(About this exercise): Keep only the lines of the data below that contain "Implicit", and copy them.

··········

(* A Belitskii canonical form C cannot be improved at any position: if some g in B_n
   makes g C g^-1 agree with C at all positions preceding (i, j) and vanish at (i, j),
   then when the algorithm reaches (i, j) the value 0 is attainable, which excludes
   cases (b) and (c), so C_ij = 0.  For A = QU in QU_n and each of the situations (1)
   and (2) such a g is an explicit elementary matrix 1 + X with X^2 = 0.  Inside a
   chain, an element j beyond i^+ has j^- > i, and an element j <= i gives a_ij = 0
   because A is strictly upper triangular. *)

Section BelitskiiOrder.
Variable n : nat.
Implicit Types p q r : 'I_n * 'I_n.

Lemma bel_ltE p q :
  bel_lt p q = (val q.1 < val p.1)%N || ((val p.1 == val q.1) && (val p.2 < val q.2)%N).
Proof. by []. Qed.

Lemma bel_lt_trans p q r : bel_lt p q -> bel_lt q r -> bel_lt p r.
Proof. rewrite !bel_ltE; lia. Qed.

Lemma bel_ltxx p : bel_lt p p = false.
Proof. by rewrite bel_ltE !ltnn andbF. Qed.

Lemma bel_lt_total p q : p != q -> bel_lt p q || bel_lt q p.
Proof. case: p q => [a b] [c d]; rewrite xpair_eqE !bel_ltE -!val_eqE /=; lia. Qed.

Lemma bel_rank_le p q : (q == p) || bel_lt q p -> (bel_rank q <= bel_rank p)%N.
Proof.
move=> qp; apply/subset_leq_card/subsetP => r; rewrite !inE => /andP[-> rq] /=.
by case/orP: qp => [/eqP <- // | qp]; apply: bel_lt_trans qp.
Qed.

Lemma bel_rank_lt p q : is_pos q -> bel_lt q p -> (bel_rank q < bel_rank p)%N.
Proof.
move=> qpos qp; rewrite /bel_rank [X in (_ < X)%N](cardsD1 q) inE qpos qp ltnS.
apply/subset_leq_card/subsetP => r; rewrite !inE => /andP[-> rq].
by rewrite (bel_lt_trans rq qp) !andbT; apply/eqP => rE; rewrite rE bel_ltxx in rq.
Qed.

Lemma bel_lt_of_rank p q :
  is_pos p -> is_pos q -> (bel_rank q < bel_rank p)%N -> bel_lt q p.
Proof.
move=> ppos qpos qp; have /bel_lt_total/orP[] // : q != p.
  by apply: contraTneq qp => ->; rewrite ltnn.
by move/(bel_rank_lt ppos); rewrite ltnNge ltnW.
Qed.

Lemma bel_rank_lt_num_pos p : is_pos p -> (bel_rank p < num_pos n)%N.
Proof.
move=> ppos; rewrite /num_pos [X in (_ < X)%N](cardsD1 p) inE ppos ltnS.
apply/subset_leq_card/subsetP => r; rewrite !inE => /andP[-> rp].
by rewrite !andbT; apply/eqP => rE; rewrite rE bel_ltxx in rp.
Qed.

Lemma bel_rank_onto k :
  (k < num_pos n)%N -> exists2 p : 'I_n * 'I_n, is_pos p & bel_rank p = k.
Proof.
move=> kN; set P := [set q : 'I_n * 'I_n | is_pos q].
set ranks := [seq bel_rank q | q <- enum P].
have ranks_uniq : uniq ranks.
  rewrite map_inj_in_uniq ?enum_uniq // => p q; rewrite !mem_enum !inE => ppos qpos pq.
  apply: contraTeq isT => /bel_lt_total/orP[] /bel_rank_lt.
    by move/(_ ppos); rewrite pq ltnn.
  by move/(_ qpos); rewrite pq ltnn.
have ranks_sub : {subset ranks <= iota 0 (num_pos n)}.
  move=> r /mapP[q]; rewrite mem_enum inE => qpos ->.
  by rewrite mem_iota bel_rank_lt_num_pos.
have ranks_size : (size (iota 0 (num_pos n)) <= size ranks)%N.
  by rewrite size_iota size_map -cardE.
have /mapP[q] : k \in ranks.
  by rewrite (uniq_min_size ranks_uniq ranks_sub ranks_size).2 mem_iota.
by rewrite mem_enum inE => qpos ->; exists q.
Qed.

End BelitskiiOrder.

Section UpperTriangular.
Variables (F : fieldType) (n : nat).
Implicit Types g h U X Y : 'M[F]_n.

Lemma upper_triM g h : upper_tri g -> upper_tri h -> upper_tri (g *m h).
Proof.
move=> ug uh a b ba; rewrite mxE big1 // => x _.
have [xa | ax] := ltnP x a; first by rewrite ug ?mul0r.
by rewrite uh ?mulr0 //; apply: leq_trans ba ax.
Qed.

Lemma in_NnMl g X : upper_tri g -> in_Nn X -> in_Nn (g *m X).
Proof.
move=> ug NX a b ba; rewrite mxE big1 // => x _.
have [xa | ax] := ltnP x a; first by rewrite ug ?mul0r.
by rewrite NX ?mulr0 //; apply: leq_trans ba ax.
Qed.

Lemma in_NnMr g X : upper_tri g -> in_Nn X -> in_Nn (X *m g).
Proof.
move=> ug NX a b ba; rewrite mxE big1 // => x _.
have [ax | xa] := ltnP a x; last by rewrite NX ?mul0r.
by rewrite ug ?mulr0 //; apply: leq_ltn_trans ba ax.
Qed.

Lemma det_upper_tri g : upper_tri g -> \det g = \prod_i g i i.
Proof.
move=> ug; rewrite -det_tr det_trig; last by apply/is_trig_mxP => a b ab; rewrite mxE ug.
by apply: eq_bigr => a _; rewrite mxE.
Qed.

Lemma in_Bn_diag_neq0 g a : in_Bn g -> g a a != 0.
Proof.
case=> ug; rewrite unitmxE unitfE det_upper_tri // (bigD1 a) //= mulf_eq0 negb_or.
by case/andP.
Qed.

Lemma upper_triV g : in_Bn g -> upper_tri (invmx g).
Proof.
move=> Bg; have [ug Ug] := Bg.
(* Induction on the column: entry (a, b) of invmx g *m g = 1 is
   invmx g a b * g b b plus multiples of invmx g a x with x < b. *)
suff lower0 k (a b : 'I_n) : val b = k -> (b < a)%N -> invmx g a b = 0.
  by move=> a b; apply: lower0.
elim/ltn_ind: k a b => k IH a b bk ba.
have := congr1 (fun M : 'M[F]_n => M a b) (mulVmx Ug); rewrite /= !mxE.
rewrite (bigD1 b) //= big1 ?addr0 => [|x xb]; last first.
  have [xb' | bx] := ltnP x b; first by rewrite (IH x) ?mul0r -?bk // (ltn_trans xb').
  by rewrite ug ?mulr0 // ltn_neqAle bx andbT val_eqE eq_sym.
rewrite -val_eqE gtn_eqF // => /eqP.
by rewrite mulf_eq0 (negPf (in_Bn_diag_neq0 b Bg)) orbF => /eqP.
Qed.

Lemma in_Un_Bn U : in_Un U -> in_Bn U.
Proof.
case=> uU dU; split=> //.
by rewrite unitmxE det_upper_tri // big1 ?unitr1 // => a _; rewrite dU.
Qed.

Lemma in_Un_1addN X : in_Nn X -> in_Un (1%:M + X).
Proof.
move=> NX; split=> [a b ba | a]; rewrite !mxE.
  by rewrite (NX a b (ltnW ba)) -val_eqE gtn_eqF // addr0.
by rewrite NX // eqxx addr0.
Qed.

Lemma in_Bn1 : in_Bn (1%:M : 'M[F]_n).
Proof.
have /in_Un_1addN : in_Nn (0 : 'M[F]_n) by move=> a b _; rewrite mxE.
by rewrite addr0; apply: in_Un_Bn.
Qed.

Lemma in_BnM g h : in_Bn g -> in_Bn h -> in_Bn (g *m h).
Proof. by case=> ug Ug [uh Uh]; split; [apply: upper_triM | rewrite unitmx_mul Ug]. Qed.

Lemma mulmx1_invmx X Y : X *m Y = 1%:M -> invmx X = Y.
Proof.
move=> XY; have [UX _] := mulmx1_unit XY.
by rewrite -[invmx X]mulmx1 -XY mulmxA mulVmx // mul1mx.
Qed.

Lemma invmxM g h : g \in unitmx -> h \in unitmx -> invmx (g *m h) = invmx h *m invmx g.
Proof.
by move=> Ug Uh; apply: mulmx1_invmx; rewrite -mulmxA (mulmxA h) mulmxV // mul1mx mulmxV.
Qed.

Lemma invmx_unipotent X : X *m X = 0 -> invmx (1%:M + X) = 1%:M - X.
Proof.
move=> XX; apply: mulmx1_invmx.
by rewrite mulmxBr mulmx1 mulmxDl mul1mx XX addr0 addrK.
Qed.

Lemma conjm1 X : conjm 1%:M X = X.
Proof. by rewrite /conjm invmx1 mulmx1 mul1mx. Qed.

Lemma conjmM g h X :
  g \in unitmx -> h \in unitmx -> conjm (g *m h) X = conjm g (conjm h X).
Proof. by move=> Ug Uh; rewrite /conjm invmxM // !mulmxA. Qed.

Lemma conjm_Nn g X : in_Bn g -> in_Nn X -> in_Nn (conjm g X).
Proof.
move=> Bg NX; apply: in_NnMr (upper_triV Bg) _.
by apply: in_NnMl NX; case: Bg.
Qed.

End UpperTriangular.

··········

(Output below):
Implicit Types p q r : 'I_n * 'I_n.
Implicit Types g h U X Y : 'M[F]_n.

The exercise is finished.